Applied Nonlinear Control
Title | Applied Nonlinear Control PDF eBook |
Author | Jean-Jacques E. Slotine |
Publisher | |
Pages | 461 |
Release | 1991 |
Genre | Automatic control |
ISBN | 9780130400499 |
In this work, the authors present a global perspective on the methods available for analysis and design of non-linear control systems and detail specific applications. They provide a tutorial exposition of the major non-linear systems analysis techniques followed by a discussion of available non-linear design methods.
Deterministic Learning Theory for Identification, Recognition, and Control
Title | Deterministic Learning Theory for Identification, Recognition, and Control PDF eBook |
Author | Cong Wang |
Publisher | CRC Press |
Pages | 207 |
Release | 2018-10-03 |
Genre | Technology & Engineering |
ISBN | 1420007769 |
Deterministic Learning Theory for Identification, Recognition, and Control presents a unified conceptual framework for knowledge acquisition, representation, and knowledge utilization in uncertain dynamic environments.
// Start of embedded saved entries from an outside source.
Lemma Rcontinuous_at_mult f g x : Rcontinuous_at f x -> Rcontinuous_at g x ->
  Rcontinuous_at (fun y => f y * g y) x.
Proof.
  intros Hf Hg eps He.
  set (A := Rabs (f x) + 1). set (B := Rabs (g x) + 1).
  assert (HA : 0 < A) by (unfold A; generalize (Rabs_pos (f x)); lra).
  assert (HB : 0 < B) by (unfold B; generalize (Rabs_pos (g x)); lra).
  destruct (Hf (eps / (2 * B))) as [d1 [Hd1 H1]]. apply Rdiv_lt_0_compat; lra.
  destruct (Hg (Rmin 1 (eps / (2 * A)))) as [d2 [Hd2 H2]].
  { apply Rmin_case. lra. apply Rdiv_lt_0_compat; lra. }
  exists (Rmin d1 d2). split. apply Rmin_case; lra.
  intros y Hy. specialize (H1 y (Rlt_le_trans _ _ _ Hy (Rmin_l _ _))).
  specialize (H2 y (Rlt_le_trans _ _ _ Hy (Rmin_r _ _))).
  assert (H2a : Rabs (g y - g x) < 1) by (eapply Rlt_le_trans; [apply H2|apply Rmin_l]).
  assert (H2b : Rabs (g y - g x) < eps / (2 * A)) by (eapply Rlt_le_trans; [apply H2|apply Rmin_r]).
  replace (f y * g y - f x * g x) with ((f y - f x) * g y + f x * (g y - g x)) by ring.
  eapply Rle_lt_trans. apply Rabs_triang. rewrite !Rabs_mult.
  assert (Hgy : Rabs (g y) <= B).
  { unfold B. replace (g y) with (g x + (g y - g x)) by ring.
    eapply Rle_trans. apply Rabs_triang. lra. }
  assert (E1 : Rabs (f y - f x) * Rabs (g y) <= eps / (2 * B) * B).
  { apply Rmult_le_compat; try apply Rabs_pos; lra. }
  replace (eps / (2 * B) * B) with (eps / 2) in E1 by (field; lra).
  assert (Rabs (f x) * Rabs (g y - g x) < eps / 2).
  { apply Rle_lt_trans with (A * Rabs (g y - g x)).
    apply Rmult_le_compat_r. apply Rabs_pos. unfold A; lra.
    apply Rmult_lt_reg_l with (/ A). apply Rinv_0_lt_compat; lra.
    rewrite <- Rmult_assoc, Rinv_l, Rmult_1_l by lra.
    replace (/ A * (eps / 2)) with (eps / (2 * A)) by (field; lra). auto. }
  lra.
Qed.

Lemma Rcontinuous_at_comp (g : R -> R) f x : continuity_pt g (f x) -> Rcontinuous_at f x ->
  Rcontinuous_at (fun y => g (f y)) x.
Proof.
  intros Hg Hf eps He. destruct (Hg eps He) as [alp [Ha Hg2]].
  destruct (Hf alp Ha) as [d [Hd Hf2]]. exists d. split; auto.
  intros y Hy. destruct (Req_dec (f x) (f y)) as [E|E].
  - rewrite E. unfold Rminus; rewrite Rplus_opp_r, Rabs_R0; auto.
  - apply (Hg2 (f y)). split. split. constructor. auto. apply Hf2; auto.
Qed.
It provides systematic design approaches for identification, recognition, and control of linear uncertain systems. Unlike many books currently available that focus on statistical principles, this book stresses learning through closed-loop neural control, effective representation and recognition of temporal patterns in a deterministic way. A Deterministic View of Learning in Dynamic Environments The authors begin with an introduction to the concepts of deterministic learning theory, followed by a discussion of the persistent excitation property of RBF networks. They describe the elements of deterministic learning, and address dynamical pattern recognition and pattern-based control processes. The results are applicable to areas such as detection and isolation of oscillation faults, ECG/EEG pattern recognition, robot learning and control, and security analysis and control of power systems. A New Model of Information Processing This book elucidates a learning theory which is developed using concepts and tools from the discipline of systems and control. Fundamental knowledge about system dynamics is obtained from dynamical processes, and is then utilized to achieve rapid recognition of dynamical patterns and pattern-based closed-loop control via the so-called internal and dynamical matching of system dynamics. This actually represents a new model of information processing, i.e. a model of dynamical parallel distributed processing (DPDP).